Austin Dillon:  Daytona 500 champion.

The only downside is the car he won in, now it goes into the Daytona 500 Experience museum.  But, a small sacrifice for winning that every driver certainly doesn’t mind.

STAGE 1:  Kurt Busch

STAGE 2:  Ryan Blaney

RESULTS:  1-Dillon  2-Wallace  3-Hamlin  4-Logano  5-Buescher  6-Menard  7-Blaney  8-Newman  9-McDowell  10-Allmendinger

NOTABLE FINISHES:  17-Bowman  18-Truex Jr.  19-Larson  25-Kyle Busch  26-Kurt Busch  31-Harvick  32-Keselowski  33-Elliott  38-Johnson

CAUTIONS:  8 for 37 laps.  Lap 10-12 (#72 Incident-T2); 52-55 (#18, 96, 1 Incident-T3); 61-66 (#24, 20, 13, 19, 48, 17, 12, 78, 42 Incident-BS); 94-97 (Debris-BS); 103-108 (#9, 7, 4, 34, 78, 2, 95 Incident-T3); 122-126 (Stage 2 Conclusion); 191-193 (#24 Spin-T4); 200-205 (#41, 78, 32, 17, 62, 12, 88, 31, 22, 43, 00, 47-T2).

LEAD CHANGES:  24 among 14 drivers.  A. Bowman POLE; D. Hamlin 1-10; J. Marks(i) 11; Kurt Busch 12-14; A. Bowman 15-22; E. Jones 23-33; R. Stenhouse Jr. 34-44; C. Elliott 45-48; J. Logano 49-51; Kurt Busch 52-62; A. Bowman 63-67; R. Blaney 68-93; P. Menard 94; M. Truex Jr. 95-98; R. Blaney 99-122; A. Allmendinger 123;
R. Blaney 124-170; D. Hamlin 171-173; R. Blaney 174-193; D. Hamlin 194; Kurt Busch 195-196; R. Blaney 197; D. Hamlin 198-205; A. Almirola 206; A. Dillon 207.

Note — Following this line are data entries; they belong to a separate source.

(* Let $a=a_0+a_1e_1+a_2e_2+a_3e_3\in C\ell_2\setminus\mathbb{R}$ with $G(a)=0$. Then there exists $u\in C\ell_2\setminus Z(C\ell_2)$ such that $u^{-1}au=a_0+e_2+e_3$.
   Context: $C\ell_2$ is the 4-dimensional real associative algebra with basis $1,e_1,e_2,e_3$ and multiplication $e_1^2=e_2^2=1$, $e_3^2=-1$, $e_1e_2=e_3=-e_2e_1$, $e_1e_3=e_2=-e_3e_1$, $e_3e_2=e_1=-e_2e_3$; $\mathbb{R}$ is identified with $\mathbb{R}\cdot1$. For $a=a_0+a_1e_1+a_2e_2+a_3e_3$: $G(a)=a_1^2+a_2^2-a_3^2$, $H_a=a_0^2-a_1^2-a_2^2+a_3^2$; $Z(C\ell_2)=\{a:H_a=0\}$, and elements outside $Z(C\ell_2)$ are invertible. *)

From HB Require Import structures.
From mathcomp Require Import all_boot all_order all_algebra.
From mathcomp Require Import reals.
Set Implicit Arguments. Unset Strict Implicit. Unset Printing Implicit Defensive.
Import Order.TTheory GRing.Theory Num.Theory.
Local Open Scope ring_scope.

Record Cl2 (R : realType) := mkCl2 { c0 : R; c1 : R; c2 : R; c3 : R }.
Arguments mkCl2 {R}.

Section Cl2ops.
Variable R : realType.

(* Multiplication from e1^2=e2^2=1, e3^2=-1, e1e2=e3=-e2e1,
   e1e3=e2=-e3e1, e3e2=e1=-e2e3, extended bilinearly. *)
Definition cl2_mul (a b : Cl2 R) : Cl2 R :=
  mkCl2 (c0 a * c0 b + c1 a * c1 b + c2 a * c2 b - c3 a * c3 b)
        (c0 a * c1 b + c1 a * c0 b - c2 a * c3 b + c3 a * c2 b)
        (c0 a * c2 b + c2 a * c0 b + c1 a * c3 b - c3 a * c1 b)
        (c0 a * c3 b + c3 a * c0 b + c1 a * c2 b - c2 a * c1 b).

Definition cl2_one : Cl2 R := mkCl2 1 0 0 0.

Definition cl2_real (r : R) : Cl2 R := mkCl2 r 0 0 0.

Definition cl2_is_real (a : Cl2 R) : Prop := c1 a = 0 /\ c2 a = 0 /\ c3 a = 0.

Definition cl2_G (a : Cl2 R) : R := c1 a ^+ 2 + c2 a ^+ 2 - c3 a ^+ 2.
Definition cl2_H (a : Cl2 R) : R :=
  c0 a ^+ 2 - c1 a ^+ 2 - c2 a ^+ 2 + c3 a ^+ 2.

Definition cl2_Z (a : Cl2 R) : Prop := cl2_H a = 0.

Definition cl2_inverse_of (v u : Cl2 R) : Prop :=
  cl2_mul v u = cl2_one /\ cl2_mul u v = cl2_one.
End Cl2ops.

(* Write a = a0 + v with v = a1 e1 + a2 e2 + a3 e3. Then v^2 = G(a) = 0 = (e2 + e3)^2,
   and u^-1 a u = a0 + e2 + e3 amounts to the linear equation v u = u (e2 + e3).
   Two explicit solutions of it have H = 8 (a2 + a3) and H = -8 (a2 - a3); since
   G(a) = 0 and a is not real, a3 <> 0, so at least one of them is invertible. *)
From mathcomp Require Import all_boot all_order all_algebra.
From mathcomp Require Import reals.
From mathcomp Require Import ring lra.
Import Order.TTheory GRing.Theory Num.Theory.
Set Implicit Arguments. Unset Strict Implicit.
Local Open Scope ring_scope.

Section Cl2Conjugacy.
Variable R : realType.
Implicit Types a u v b : Cl2 R.

Lemma cl2_ext a b :
  c0 a = c0 b -> c1 a = c1 b -> c2 a = c2 b -> c3 a = c3 b -> a = b.
Proof. by case: a; case: b => /= ? ? ? ? ? ? ? ? -> -> -> ->. Qed.

Lemma cl2_mulA a u b : cl2_mul a (cl2_mul u b) = cl2_mul (cl2_mul a u) b.
Proof. by apply: cl2_ext; rewrite /cl2_mul /=; ring. Qed.

Lemma cl2_mul1r a : cl2_mul (cl2_one R) a = a.
Proof. by apply: cl2_ext; rewrite /cl2_mul /=; ring. Qed.

Definition cl2_inv u : Cl2 R :=
  let h := cl2_H u in mkCl2 (c0 u / h) (- c1 u / h) (- c2 u / h) (- c3 u / h).

Lemma cl2_inverse_of_inv u : ~ cl2_Z u -> cl2_inverse_of (cl2_inv u) u.
Proof.
rewrite /cl2_Z /cl2_inv /cl2_H => /eqP hu.
by split; apply: cl2_ext; rewrite /cl2_mul /cl2_one /=; field.
Qed.

Lemma cl2_conj_intertwine v u a b :
  cl2_inverse_of v u -> cl2_mul a u = cl2_mul u b -> cl2_mul (cl2_mul v a) u = b.
Proof. by move=> [vu _] aub; rewrite -cl2_mulA aub cl2_mulA vu cl2_mul1r. Qed.

Lemma cl2_G_eq0_real a : cl2_G a = 0 -> c3 a = 0 -> cl2_is_real a.
Proof.
rewrite /cl2_G => + a3_0; rewrite a3_0 expr0n /= subr0 => /eqP.
by rewrite paddr_eq0 ?sqr_ge0 // !sqrf_eq0 => /andP[/eqP a1_0 /eqP a2_0].
Qed.

Definition null_intertwiner_add a : Cl2 R :=
  let s := c2 a + c3 a in mkCl2 (s + 2) (s - 2) (- c1 a) (c1 a).

Definition null_intertwiner_sub a : Cl2 R :=
  let d := c2 a - c3 a in mkCl2 (c1 a) (c1 a) (2 + d) (2 - d).

Lemma cl2_H_null_intertwiner_add a :
  cl2_H (null_intertwiner_add a) = 8 * (c2 a + c3 a).
Proof. by rewrite /cl2_H /=; ring. Qed.

Lemma cl2_H_null_intertwiner_sub a :
  cl2_H (null_intertwiner_sub a) = - 8 * (c2 a - c3 a).
Proof. by rewrite /cl2_H /=; ring. Qed.

(* Coordinatewise, a u - u (a0 + e2 + e3) is a constant multiple of G(a), hence lra. *)
Lemma null_intertwiner_addP a : cl2_G a = 0 ->
  cl2_mul a (null_intertwiner_add a) =
  cl2_mul (null_intertwiner_add a) (mkCl2 (c0 a) 0 1 1).
Proof.
by rewrite /cl2_G => hG; apply: cl2_ext; rewrite /cl2_mul /=; lra.
Qed.

Lemma null_intertwiner_subP a : cl2_G a = 0 ->
  cl2_mul a (null_intertwiner_sub a) =
  cl2_mul (null_intertwiner_sub a) (mkCl2 (c0 a) 0 1 1).
Proof.
by rewrite /cl2_G => hG; apply: cl2_ext; rewrite /cl2_mul /=; lra.
Qed.

Lemma cl2_null_intertwiner a : ~ cl2_is_real a -> cl2_G a = 0 ->
  exists2 u, ~ cl2_Z u & cl2_mul a u = cl2_mul u (mkCl2 (c0 a) 0 1 1).
Proof.
move=> nreal hG; have a3_neq0 : c3 a != 0.
  by apply/eqP => a3_0; apply: nreal; apply: cl2_G_eq0_real.
(* (a2 + a3) - (a2 - a3) = 2 a3 <> 0: the two intertwiners are not both singular. *)
have [s0 | s_neq0] := eqVneq (c2 a + c3 a) 0.
- exists (null_intertwiner_sub a); last exact: null_intertwiner_subP.
  rewrite /cl2_Z cl2_H_null_intertwiner_sub => /eqP.
  rewrite mulf_eq0 oppr_eq0 pnatr_eq0 /= subr_eq0 => /eqP a2_a3.
  by move/eqP: a3_neq0; apply; lra.
- exists (null_intertwiner_add a); last exact: null_intertwiner_addP.
  rewrite /cl2_Z cl2_H_null_intertwiner_add => /eqP.
  by rewrite mulf_eq0 pnatr_eq0 (negPf s_neq0).
Qed.

End Cl2Conjugacy.

Theorem proposition5p5 (R : realType) (a : Cl2 R) :
  ~ cl2_is_real a -> cl2_G a = 0 ->
  exists u : Cl2 R, ~ cl2_Z u /\
    exists uinv : Cl2 R, cl2_inverse_of uinv u /\
      cl2_mul (cl2_mul uinv a) u = mkCl2 (c0 a) 0 1 1.
Proof.
move=> nreal hG; have [u uZ intertwine] := cl2_null_intertwiner nreal hG.
exists u; split=> //; exists (cl2_inv u); have uinv := cl2_inverse_of_inv uZ.
by split=> //; apply: cl2_conj_intertwine intertwine.
Qed.
Lemma pdt_child_restrict f Q (t0 t1 : pdtree var) v b a : v \in Q ->
  pdt_computes (PNode Q t0 t1) (@compose_IND N l f) ->
  exists t', [/\ pdt_size t' = pdt_size (if a then t1 else t0),
                 pdt_height t' = pdt_height (if a then t1 else t0)
               & pdt_computes t' (@compose_IND N l (restrict f (block v) b))].
Proof.
move=> vQ Tf.
have [t' [size_t' height_t' t'E]] :=
  pdt_comp_affine (if a then t1 else t0) (affine_map_set_parity Q v a (affine_map_stifle v b)).
exists t'; split=> // z; rewrite t'E.
have := Tf (set_parity Q v a (stifle v b z)).
rewrite /= parity_set_parity // -(fun_if (fun t : pdtree var => pdt_eval t _)) => ->.
by rewrite /compose_IND /restrict; congr f; apply: ind_outs_stifle.
Qed.

Lemma exp_C_dt_le_pdt_size f T :
  pdt_computes T (@compose_IND N l f) -> 2 ^ C_dt f <= pdt_size T.
Proof.
move: {2}(pdt_height T) (leqnn (pdt_height T)) => n.
elim: n T f => [|n IH] [c|Q t0 t1] f //= hT Tf;
  try by rewrite (@C_dt_const _ f c) // => x; rewrite -[x]ind_outs_embed; exact/esym/Tf.
have [h0 h1] : pdt_height t0 <= n /\ pdt_height t1 <= n.
  by apply/andP; rewrite -geq_max.
case: (pickP (mem Q)) => [v vQ | Q0]; last first.
  apply: leq_trans (leq_addr _ _); apply: IH h0 _ => z.
  by rewrite -Tf /= parity_addb big_pred0.
have [b le_Cf] := C_dt_restrict f (block v).
have child a : 2 ^ C_dt (restrict f (block v) b) <= pdt_size (if a then t1 else t0).
  have [t' [<- ht' t'f]] := pdt_child_restrict b a vQ Tf.
  by apply: IH t'f; rewrite ht'; case: (a).
apply: leq_trans (leq_add (child false) (child true)).
by rewrite addnn -mul2n -expnS leq_exp2l.
Qed.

TIME OF RACE:  3 Hrs, 26 Mins, 15 Secs.

AVERAGE SPEED:  150.545 MPH

MARGIN OF VICTORY:  0.260 Seconds

POINTS (Earned/Behind leader [Playoff Points]):  1. Blaney, 58 [1]; 2. Logano, -8; 3. Dillon, -11 [5]; 4. Wallace, -11; 5. Menard, -12; 6. McDowell, -19; 7. Hamlin, -21; 8. Newman, -24; 9. Buescher, -25; 10. Almirola, -25.